Следующий экзамен пролетел на одном дыхании. Русский язык у меня никогда не вызывал затруднений, да я еще умудрилась вытянуть самый простой билет.

Остался последний экзамен по введению в языкознание, который нужно было сдать двадцать третьего января. А на двадцать пятое был назначен заезд в санаторий. Приближались самые важные десять дней в моей жизни. Близился мой звездный час. Я серьезно углубилась в изучение основ языкознания, старательно разбираясь в группах и семьях различных языков планеты, как живых, так и давно ушедших. Это был адский труд. Я отключила оба телефона, не реагировала на звонки в дверь, на кухню выползала, когда в ушах уже звенело от голода и перенапряжения. Двадцать третьего января я, собрав волю в кулак, выдала профессору Губареву такой блестящий ответ, что он с чувством глубокого удовлетворения закрыл глаза на два пропущенных мною семинара без уважительной причины и выставил мне «отлично».

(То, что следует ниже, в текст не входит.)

Lemma kept_join x y z w w' a b : kept_set x = kept_set y ->
  is_join x z w -> is_join y z w' -> kept w a b -> kept w' a b.
Proof.
move=> hxy hj hj' kw; have hg := kept_gap_le kw.
case/and3P: kw => iw nD nh; have ab : a < b by case/andP: iw.
have ag := agree_join hxy hj hj' ab hg.
rewrite /kept nD -(agree_free ag) -(agree_lvals ag) nh /= andbT.
case fw: (free w a b); last by rewrite -(agree_inversion_nonfree ag) ?fw.
move: nh; rewrite fw /= => nh.
case: (hj) => hxw _ _; case: (hj') => /wleP yw' /wleP zw' _.
move: iw; rewrite (join_inversion hj) => /or3P[ix|iz|/existsP[c /and4P[ac cb h1 h2]]].
- have [fx Lx] := free_up hxw ix fw.
  have : kept x a b by rewrite /kept ix nD fx Lx (negbTE nh).
  by move/kept_setP: hxy => -> /and3P[/yw'].
- exact: zw'.
- by have := forallP fw c; rewrite ac cb h1 h2.
Qed.

Lemma kept_meet x y z w w' a b : kept_set x = kept_set y ->
  is_meet x z w -> is_meet y z w' -> kept w a b -> kept w' a b.
Proof.
move=> hxy hm hm' kw; have hg := kept_gap_le kw.
case/and3P: kw => iw nD nh; have ab : a < b by case/andP: iw.
have ag := agree_meet hxy hm hm' ab hg.
rewrite /kept nD -(agree_free ag) -(agree_lvals ag) nh /= andbT.
case fw: (free w a b); last by rewrite -(agree_inversion_nonfree ag) ?fw.
move: nh; rewrite fw /= => nh.
have fw' : free w' a b by rewrite -(agree_free ag).
case: (hm) => /wleP wx /wleP wz _; case: (hm') => hw'y _ _.
apply/negPn/negP => nw'.
have : compl (inversion w') a b by rewrite /compl ab nw'.
rewrite (meet_inversion hm') => /or3P[/andP[_ ny]|/andP[_ nz]|/existsP[c /and4P[ac cb h1 h2]]].
- have [fy Ly] := free_down hw'y ab ny fw'.
  have axy := agree_kept hxy ab hg.
  have : ~~ kept x a b by move/kept_setP: hxy => ->; rewrite /kept (negbTE ny).
  rewrite /kept (wx _ _ iw) nD /= negbK (agree_free axy) (agree_lvals axy) fy Ly.
  by rewrite -(agree_lvals ag) (negbTE nh).
- by rewrite (wz _ _ iw) in nz.
- move: h1 h2; rewrite /compl ac cb /= => h1 h2.
  by have := forallP fw' c; rewrite ac cb (negbTE h1) (negbTE h2).
Qed.

Lemma kept_set_congruence :
  lattice_congruence (fun p q : 'S_n => kept_set p == kept_set q).
Proof.
split.
- by move=> p.
- by move=> p q; rewrite eq_sym.
- by move=> q p r /eqP -> /eqP ->.
- move=> x y z w w' /eqP hxy hw hw'; apply/eqP/kept_setP => a b.
  by apply/idP/idP; [apply: kept_join hw hw' | apply: kept_join hw' hw].
- move=> x y z w w' /eqP hxy hw hw'; apply/eqP/kept_setP => a b.
  by apply/idP/idP; [apply: kept_meet hw hw' | apply: kept_meet hw' hw].
Qed.

End Kept.

Section SwapWitness.
Variable n : nat.
Variables (a b : 'I_n) (L : {set 'I_n}).
Hypotheses (ab : a < b) (sL : L \subset [set c : 'I_n | a < c < b]).

(* Sorting by [witness_key] gives the word  L a b R  (p below), and sorting by
   [swap12 \o witness_key] the word  L b a R  (q), where R lists the values
   outside L, a, b and each block is increasing. *)
Definition witness_key (v : 'I_n) : nat :=
  if v == a then 1 else if v == b then 2 else if v \in L then 0 else 3.
Definition swap12 (k : nat) : nat := if k == 1 then 2 else if k == 2 then 1 else k.

Lemma swap12_lt x y : x <= 3 -> y <= 3 -> ~~ ((x == 1) && (y == 2)) ->
  ~~ ((x == 2) && (y == 1)) -> (swap12 x < swap12 y) = (x < y).
Proof. by case: x => [|[|[|[|]]]] //; case: y => [|[|[|[|]]]]. Qed.

Lemma witness_key_le v : witness_key v <= 3.
Proof. by rewrite /witness_key; case: ifP => //; case: ifP => //; case: ifP. Qed.

Lemma witness_key_mid v : v != a -> v != b -> witness_key v = if v \in L then 0 else 3.
Proof. by rewrite /witness_key => /negbTE -> /negbTE ->. Qed.

Lemma witness_key_a : witness_key a = 1.
Proof. by rewrite /witness_key eqxx. Qed.

Lemma a_neq_b : (a == b) = false.
Proof. by apply/negbTE/negP => /eqP e; move: ab; rewrite e ltnn. Qed.

Lemma witness_key_b : witness_key b = 2.
Proof. by rewrite /witness_key eq_sym a_neq_b eqxx. Qed.

Lemma witness_key1 v : (witness_key v == 1) = (v == a).
Proof. by rewrite /witness_key; case: (v =P a) => // _; case: (v =P b) => // _; case: (v \in L). Qed.

Lemma witness_key2 v : (witness_key v == 2) = (v == b).
Proof.
rewrite /witness_key; case: (v =P a) => [->|_]; first by rewrite a_neq_b.
by case: (v =P b) => // _; case: (v \in L).
Qed.

Lemma swap_witness : exists p q : 'S_n, [/\ ~~ inversion p a b, inversion q a b,
  (forall u v : 'I_n, u < v -> (u, v) != (a, b) -> inversion p u v = inversion q u v),
  free q a b & lvals q a b = L].
Proof.
have [p hp] := perm_of_key witness_key.
have [q hq] := perm_of_key (swap12 \o witness_key).
have mid (c : 'I_n) : a < c < b -> c != a /\ c != b.
  by case/andP=> ac cb; split; apply/negP => /eqP e; move: ac cb; rewrite e ltnn.
have q_ac (c : 'I_n) : a < c < b -> inversion q a c = (c \in L).
  move=> /[dup] /mid[ca cb] /andP[ac _]; rewrite hq //= (witness_key_mid ca cb) witness_key_a.
  by case: (c \in L).
have q_cb (c : 'I_n) : a < c < b -> inversion q c b = (c \notin L).
  move=> /[dup] /mid[ca cb] /andP[_ cb']; rewrite hq //= (witness_key_mid ca cb) witness_key_b.
  by case: (c \in L).
exists p, q; split.
- by rewrite hp // witness_key_a witness_key_b.
- by rewrite hq //= witness_key_a witness_key_b.
- move=> u v uv ne; rewrite hp // hq //= swap12_lt ?witness_key_le //.
  + by rewrite witness_key1 witness_key2; apply: contraL uv => /andP[/eqP-> /eqP->]; rewrite -leqNgt ltnW.
  + by rewrite witness_key1 witness_key2; apply: contra ne => /andP[/eqP-> /eqP->].
- by apply/forallP => c; apply/implyP => hc; rewrite q_ac // q_cb // negbK.
- apply/setP => c; rewrite inE; case hc: (a < c < b); first exact: q_ac.
  by apply/esym/negbTE; apply: contraFN hc => /(subsetP sL); rewrite inE.
Qed.
End SwapWitness.

Section FenceChain.
Variable n : nat.
Implicit Types (s p q x y : 'S_n) (a b c d : 'I_n) (L : {set 'I_n}).

Definition fence := ('I_n * 'I_n * {set 'I_n})%type.
Implicit Types (f : fence).

Definition between a b : {set 'I_n} := [set c : 'I_n | a < c < b].
Definition wide_fences : {set fence} :=
  [set f : fence | (f.1.1.+1 < f.1.2) && (f.2 \subset between f.1.1 f.1.2)].
Definition gap f : nat := f.1.2 - f.1.1.

Definition fence_seq : seq fence := sort (fun f f' => gap f' <= gap f) (enum wide_fences).
Definition fence_rank f : nat := index f fence_seq.

Definition contracted k a b L : bool := ((a, b, L) \in wide_fences) && (fence_rank (a, b, L) < k).
Definition column_contracted k a b : bool :=
  [forall L : {set 'I_n}, (L \subset between a b) ==> contracted k a b L].
Definition kset k : 'S_n -> {set 'I_n * 'I_n} := kept_set (contracted k) (column_contracted k).
Definition Rk k : rel 'S_n := fun p q => kset k p == kset k q.

Lemma mem_fence_seq f : (f \in fence_seq) = (f \in wide_fences).
Proof. by rewrite mem_sort mem_enum. Qed.

Lemma size_fence_seq : size fence_seq = #|wide_fences|.
Proof. by rewrite size_sort cardE. Qed.

Lemma wide_fence_gap f : f \in wide_fences -> 2 <= gap f.
Proof. by rewrite inE /gap => /andP[h _]; lia. Qed.

Lemma wide_fenceI a b L : a.+1 < b -> L \subset between a b -> (a, b, L) \in wide_fences.
Proof. by move=> ab sL; rewrite inE /= ab sL. Qed.

Lemma fence_rank_gap f f' : f \in wide_fences -> f' \in wide_fences ->
  gap f < gap f' -> fence_rank f' < fence_rank f.
Proof.
rewrite -!mem_fence_seq => hf hf' hg; rewrite /fence_rank ltnNge leq_eqVlt negb_or.
apply/andP; split.
  by apply: contraL hg => /eqP e; rewrite -(nth_index f hf) e nth_index // ltnn.
have tr : transitive (fun f f' : fence => gap f' <= gap f).
  by move=> ? ? ? h1 h2; apply: leq_trans h2 h1.
have sorted_seq : sorted (fun f f' : fence => gap f' <= gap f) fence_seq.
  by apply: sort_sorted => ? ?; apply: leq_total.
by apply/negP => /(sorted_ltn_index tr sorted_seq _ _ hf hf'); rewrite leqNgt hg.
Qed.

Lemma fence_of_rank k : k < #|wide_fences| ->
  exists2 f, f \in wide_fences & fence_rank f = k.
Proof.
rewrite -size_fence_seq => hk.
case E: fence_seq hk => [//|f0 r] hk; rewrite -E in hk.
exists (nth f0 fence_seq k); first by rewrite -mem_fence_seq mem_nth.
by rewrite /fence_rank index_uniq // sort_uniq enum_uniq.
Qed.

Lemma contracted_mono k a b L : contracted k a b L -> contracted k.+1 a b L.
Proof. by case/andP=> h1 h2; rewrite /contracted h1 ltnS ltnW. Qed.

Lemma column_contracted_mono k a b : column_contracted k a b -> column_contracted k.+1 a b.
Proof.
move=> /forallP h; apply/forallP => L; apply/implyP => sL.
by apply: contracted_mono; have := h L; rewrite sL.
Qed.

Lemma column_contracted_set0 k a b : column_contracted k a b -> contracted k a b set0.
Proof. by move=> /forallP /(_ set0); rewrite sub0set. Qed.

Lemma column_contracted_above k f c d : f \in wide_fences -> fence_rank f = k ->
  gap f < d - c -> column_contracted k c d.
Proof.
move=> wf rf hg; apply/forallP => L; apply/implyP => sL.
have wL : (c, d, L) \in wide_fences.
  by apply: wide_fenceI sL; have := wide_fence_gap wf; lia.
by rewrite /contracted wL -rf (fence_rank_gap wf wL).
Qed.

Lemma contracted_threshold k : exists g,
  [/\ forall a b L, a < b -> b - a < g -> ~~ contracted k a b L,
      forall a b, a < b -> b - a < g -> ~~ column_contracted k a b &
      forall a b, a < b -> g < b - a -> column_contracted k a b].
Proof.
suff [g [hH hD]] : exists g, (forall a b L, a < b -> b - a < g -> ~~ contracted k a b L) /\
    (forall a b, a < b -> g < b - a -> column_contracted k a b).
  exists g; split => // a b ab hg.
  exact: contra (@column_contracted_set0 k a b) (hH a b set0 ab hg).
case: (ltnP k #|wide_fences|) => [/fence_of_rank [f wf rf] | hk].
- exists (gap f); split; last by move=> a b _; apply: column_contracted_above.
  move=> a b L ab hg; apply/negP => /andP[wL].
  by rewrite -rf ltnNge (ltnW (fence_rank_gap wL wf hg)).
- exists 1; split => [a b L|a b ab hg]; first lia.
  apply/forallP => L; apply/implyP => sL.
  have wL : (a, b, L) \in wide_fences by apply: wide_fenceI => //; lia.
  rewrite /contracted wL (leq_trans _ hk) // -size_fence_seq index_mem mem_fence_seq //.
Qed.

Lemma Rk_congruence k : lattice_congruence (Rk k).
Proof.
have [g [hH hD1 hD2]] := contracted_threshold k.
exact: kept_set_congruence hH hD1 hD2.
Qed.

Lemma fence_edge_inversion a b L p q : fence_edge a b L p q ->
  inversion p a b = ~~ inversion q a b.
Proof.
case=> ab [i [j [ij qi [qj _] hpq _]]].
have posK (s : 'S_n) t : pos s (s t) = t by rewrite /pos permK.
suff [x [y [xy pa pb qa qb]]] : exists x y : 'I_n,
    [/\ x != y :> nat, pos p a = x, pos p b = y, pos q a = y & pos q b = x].
  by rewrite /inversion ab pa pb qa qb /=; case: ltngtP xy.
case/orP: hpq => /andP[/eqP pi /eqP pj].
- exists i, j; split; first by rewrite -ij neq_ltn ltnSn.
  + by rewrite -pi posK.
  + by rewrite -pj posK.
  + by rewrite -pi -qj posK.
  + by rewrite -pj -qi posK.
- exists j, i; split; first by rewrite -ij neq_ltn ltnSn orbT.
  + by rewrite -pj posK.
  + by rewrite -pi posK.
  + by rewrite -pj -qi posK.
  + by rewrite -pi -qj posK.
Qed.

Lemma Rk_essential k : essential (Rk k).
Proof.
move=> a b e [p [q [edge /eqP /kept_setP /(_ a b)]]].
have nc L : contracted k a b L = false by rewrite /contracted inE /= e ltnn.
have ncol : column_contracted k a b = false.
  by apply/negbTE; apply: contraFN (nc set0); apply: column_contracted_set0.
by rewrite /kept ncol !nc !andbF !andbT (fence_edge_inversion edge); case: inversion.
Qed.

Словно на крыльях влетела я в студенческий буфет и вдохновенно начала поедать заварные пирожные, запивая их горячим чаем. Какое же это счастье – после тяжкого труда вновь ощутить себя свободной! Просто гора с плеч! Первая сессия – и такой успех! Все пятерки. И на зачетку приятно посмотреть, и стипендия будет самая высокая. Ну и, конечно, самоуважение зашкаливает. Ай да я! Могу, когда захочу.

И вдруг, как заслуженный подарок судьбы, на пороге буфета возник Геныч. Даже, можно сказать, двойной подарок судьбы, потому что он вновь был один. Он взял стакан сока и подошел к моему столику. Не заметить меня было просто невозможно – я бешено махала ему рукой и подпрыгивала от нетерпения.

– Как успехи? – поинтересовался он.

– Все пятерки! – счастливо похвасталась я. – Только что языкознание сдала. А ты как?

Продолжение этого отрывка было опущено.